Untitled Flashcards Set

  1. Rhetorical question – A question asked for effect rather than an actual answer, often used to persuade or emphasize a point.
    Example: “Do you think money grows on trees?”

  2. Rhythm – The pattern of stressed and unstressed syllables in poetry or prose, creating a musical flow.
    Example: Shakespeare's iambic pentameter: “Shall I compare thee to a summer’s day?”

  3. Round character – A complex and well-developed character with depth, emotions, and change throughout the story.
    Example: Jay Gatsby in The Great Gatsby.

  4. Satire – A literary technique that criticizes human foolishness, politics, or society through humor, irony, or exaggeration.
    Example: George Orwell’s Animal Farm satirizes totalitarianism.

  5. Scrim – A thin, semi-transparent curtain used in theater to create visual effects, such as making actors appear or disappear.

  6. Sestet – A six-line stanza or the final six lines of a Petrarchan sonnet, often resolving a problem.

  7. Setting – The time and place where a story occurs, including cultural and historical context.
    Example: 1920s America in The Great Gatsby.

  8. Sight rhyme – Words that look like they should rhyme but don’t when spoken aloud.
    Example: “love” and “move.”

  9. Simile – A comparison using “like” or “as” to create imagery.
    Example: “Her smile was as bright as the sun.”

  10. Situational irony – When the opposite of what is expected happens.
    Example: A fire station burns down.

  11. Slant rhyme – A near rhyme where words have similar but not identical sounds.
    Example: “hope” and “cup.”

  12. Soliloquy – A long speech in a play where a character speaks their thoughts aloud, usually alone on stage.
    Example: Hamlet’s “To be or not to be.”

  13. Sonnet – A 14-line poem, often in iambic pentameter, with specific rhyme schemes.
    Example: Shakespearean sonnet: ABABCDCDEFEFGG.

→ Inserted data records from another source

(* Let $G=(V,E)$ be a (directed) graph with all edges of unit length, let $r\ge0$ be an integer, and let $H=(V,E')$ with $E'\subseteq E$. Then $H$ is an $r$-fault tolerant $2$-spanner of $G$ if and only if for every $(u,v)\in E$, either $(u,v)\in E'$ or there are at least $r+1$ paths of length $2$ from $u$ to $v$ in $E'$.
   Context: $d_H$ denotes the (directed) shortest-path distance in $H$ with unit edge lengths. For $F\subseteq V$, $G\setminus F$ denotes $G$ with the vertices of $F$ and incident edges removed. $H$ is an $r$-fault tolerant $2$-spanner of $G$ if for every $F\subseteq V$ with $|F|\le r$ and all $u,v\in V\setminus F$, $d_{H\setminus F}(u,v)\le 2\,d_{G\setminus F}(u,v)$. Paths of length 2 from $u$ to $v$ are distinguished by their middle vertex. *)

From mathcomp Require Import all_boot.
Set Implicit Arguments. Unset Strict Implicit. Unset Printing Implicit Defensive.

(* A directed graph on a finite vertex set V is an edge relation e : rel V
   (unit edge lengths).  A subgraph H = (V, E') with E' ⊆ E is a relation
   h with subrel h e. *)

Definition vdel (V : finType) (e : rel V) (F : {set V}) : rel V :=
  [rel x y | [&& e x y, x \notin F & y \notin F]].

Definition walk_len (V : finType) (e : rel V) (u v : V) (k : nat) : Prop :=
  exists p : seq V, [/\ size p = k, path e u p & last u p = v].

(* d_h(u,v) <= c * d_e(u,v), with d = shortest-path distance (possibly
   infinite): whenever there is a u-v walk of length k in e, there is one
   of length at most c*k in h. *)
Definition dist_le_mul (V : finType) (h e : rel V) (c : nat) (u v : V) : Prop :=
  forall k, walk_len e u v k -> exists2 k', k' <= c * k & walk_len h u v k'.

Definition ft_2spanner (V : finType) (G H : rel V) (r : nat) : Prop :=
  forall (F : {set V}), #|F| <= r ->
    forall u v : V, u \notin F -> v \notin F ->
      dist_le_mul (vdel H F) (vdel G F) 2 u v.

Definition n_2paths (V : finType) (h : rel V) (u v : V) : nat :=
  #|[set w | h u w && h w v]|.

From mathcomp Require Import all_boot.

Set Implicit Arguments.
Unset Strict Implicit.
Unset Printing Implicit Defensive.

(* Sufficiency: a fault set F of size at most r misses one of the r+1 middle
   vertices of every edge not kept in H, so each surviving edge of G \ F is
   replaced by a walk of length at most 2 in H \ F, and walks are stretched by
   at most 2 edge by edge.  Necessity: if an edge (u,v) is not in H and has at
   most r middle vertices, deleting them leaves no u-v walk of length at most
   2 in H, although (u,v) survives in G. *)

Lemma walk_len_edge (V : finType) (e : rel V) (u v : V) :
  e u v -> walk_len e u v 1.
Proof. by move=> euv; exists [:: v]; rewrite /= euv. Qed.

Lemma walk_len_cat (V : finType) (e : rel V) (x y z : V) (m n : nat) :
  walk_len e x y m -> walk_len e y z n -> walk_len e x z (m + n).
Proof.
move=> [p [<- pp <-]] [q [<- pq <-]].
by exists (p ++ q); rewrite size_cat cat_path last_cat pp pq.
Qed.

Lemma dist_le_mul_edges (V : finType) (h e : rel V) (c : nat) :
  (forall x y, e x y -> exists2 k, k <= c & walk_len h x y k) ->
  forall u v, dist_le_mul h e c u v.
Proof.
move=> stretch u v _ [p [<- pp <-]].
elim: p u pp => [|y p IH] u /=.
  by move=> _; exists 0 => //; exists [::].
case/andP=> /stretch[k1 le_k1 w1] /IH[k2 le_k2 w2].
exists (k1 + k2); first by rewrite mulnS leq_add.
exact: walk_len_cat w1 w2.
Qed.

Lemma card_lt_exists_notin (T : finType) (A B : {set T}) :
  #|B| < #|A| -> exists2 x, x \in A & x \notin B.
Proof.
move=> ltBA; have /set0Pn[x] : A :\: B != set0.
  apply: contraTneq ltBA => /eqP; rewrite setD_eq0 => /subset_leq_card.
  by rewrite leqNgt => /negbTE->.
by rewrite inE => /andP[xB xA]; exists x.
Qed.

Lemma vdel_edge_2walk (V : finType) (G H : rel V) (r : nat) (F : {set V}) :
  (forall u v : V, G u v -> H u v \/ r.+1 <= n_2paths H u v) -> #|F| <= r ->
  forall x y, vdel G F x y -> exists2 k, k <= 2 & walk_len (vdel H F) x y k.
Proof.
move=> cover leFr x y /and3P[gxy xF yF].
have [hxy | many] := cover _ _ gxy.
  by exists 1 => //; apply: walk_len_edge; rewrite /vdel /= hxy xF yF.
have [|w] := card_lt_exists_notin (A := [set w | H x w && H w y]) (B := F).
  exact: leq_trans many.
rewrite inE => /andP[hxw hwy] wF; exists 2 => //.
by apply: (walk_len_cat (y := w) (m := 1) (n := 1)); apply: walk_len_edge;
  rewrite /vdel /= ?hxw ?hwy ?xF ?yF wF.
Qed.

Lemma walk_len_avoid_mids (V : finType) (H : rel V) (u v : V) (k : nat) :
  u != v -> k <= 2 ->
  walk_len (vdel H [set w | H u w && H w v]) u v k -> H u v.
Proof.
move=> neq_uv le_k2 [p [size_p walk last_p]].
move: neq_uv le_k2 walk; rewrite -size_p -last_p {size_p last_p}.
case: p => [|a [|b [|? ?]]] //=; rewrite ?eqxx // => _ _ walk.
- by case/andP: walk => /and3P[].
case/and3P: walk => /and3P[hua _ aF] /and3P[hab _ _] _.
by rewrite inE hua hab in aF.
Qed.

Theorem lemma3p1 (V : finType) (G H : rel V) (r : nat) :
  irreflexive G -> subrel H G ->
  ft_2spanner G H r <->
  (forall u v : V, G u v -> H u v \/ r.+1 <= n_2paths H u v).
Proof.
move=> irrG subHG; split=> [spanner u v guv | cover F leFr u v _ _].
  have [huv | nhuv] := boolP (H u v); [by left | right].
  rewrite ltnNge; apply/negP => few.
  set F := [set w | H u w && H w v].
  have irrH : irreflexive H by move=> x; apply/negbTE/negP => /subHG; rewrite irrG.
  have uF : u \notin F by rewrite inE irrH.
  have vF : v \notin F by rewrite inE irrH andbF.
  have neq_uv : u != v by apply: contraTneq guv => ->; rewrite irrG.
  have edge_uv : vdel G F u v by rewrite /vdel /= guv uF vF.
  have [k le_k2 walk] := spanner F few u v uF vF 1 (walk_len_edge edge_uv).
  by rewrite (walk_len_avoid_mids neq_uv le_k2 walk) in nhuv.
exact: dist_le_mul_edges (vdel_edge_2walk cover leFr) u v.
Qed.
Lemma ideal_whomog_decomp (e : nat) (g : S) :
  (forall p (A : {set I}), #|A| = p.+1 -> loccoh_vanish d IX p (e%:Z - (wset d A)%:Z)) ->
  (0 < e)%N -> IX g -> whomog e g ->
  exists u : I -> S, g = \sum_i 'X_i * u i /\
    forall i, IX (u i) /\ whomog (e%:Z - (d i)%:Z) (u i).
Proof.
move=> hvan e_gt0 hg ge.
have [h [gE hh]] := whomog_decomp e_gt0 ge.
pose z (J A : {set I}) := \sum_(i in A) h i.
have hz : dcochain_homog d e%:Z 0 1 0 z.
  move=> J A _ /eqP /cards1P [i ->]; rewrite /z /wset !big_set1.
  by apply: whomog_deg_eq (hh i); lia.
have hz_cycle (K B : {set I}) : #|K| = 1%N -> #|B| = 0%N ->
    loc_zero IX K (koszul_diff (cech_diff 0 z) K B).
  move=> hK /cards0_eq ->; rewrite koszul_cech_diffC.
  apply: (loc_zero_cech_diff hI (q := 0)) => // L _; apply: (loc_zeroI hI).
  rewrite koszul_diff_set0 (_ : \sum_i _ = g) // gE.
  by apply: eq_bigr => i _; rewrite /z big_set1.
have [t [c [g' [hc [_ hZ]]]]] := chase_exact_all hI hvan hz hz_cycle.
exists (fun i => h i - koszul_diff c set0 [set i]); split.
  under eq_bigr do rewrite mulrBr.
  by rewrite sumrB -koszul_diff_set0 koszul_diffK subr0 gE.
move=> i; split.
  have := hZ set0 [set i] (cards0 _) (cards1 i); move/loc_zero_set0.
  by rewrite xpow_set0 mul1r /cech_diff big_set0 subr0 /z big_set1.
apply: whomogB => //; apply: whomog_deg_eq (whomog_koszul_diff hc (cards0 _) (cards1 i)).
by rewrite /wset big_set1 big_set0 muln0; lia.
Qed.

  14. Stanza – A group of lines in a poem, like a paragraph in prose.

  15. Static character – A character who does not change throughout the story.
    Example: Sherlock Holmes.

  16. Stock character – A stereotypical or repeated character type found across literature.
    Example: The “wise mentor” like Dumbledore or Yoda.

  17. Symbol – An object, person, or event that represents a deeper meaning beyond its literal sense.
    Example: The green light in The Great Gatsby symbolizes hope and dreams.

  18. Synecdoche – A figure of speech where a part represents the whole or vice versa.
    Example: “All hands on deck” (hands = sailors).

  19. Synonyms – Words with similar meanings but different spellings.
    Example: “Happy” and “joyful.”

  20. Syntax – The structure and order of words in a sentence.
    Example: “The cat sat on the mat” (correct) vs. “Sat the cat on mat the” (incorrect).

  21. Theme – The central idea or message of a literary work.
    Example: The theme of “power and corruption” in Macbeth.

  22. Tone – The author’s attitude toward the subject, shown through word choice and style.
    Example: Humorous, serious, sarcastic, melancholic.

  23. Unreliable narrator – A narrator whose perspective cannot be fully trusted, often due to bias, deception, or limited knowledge.
    Example: Holden Caulfield in The Catcher in the Rye.

  24. Verbal irony – When a character says one thing but means another, often sarcastic.
    Example: Saying “Great weather!” during a thunderstorm.

  25. Verisimilitude – The appearance of reality in fiction, making a story feel believable.
    Example: Historical details in War and Peace create verisimilitude.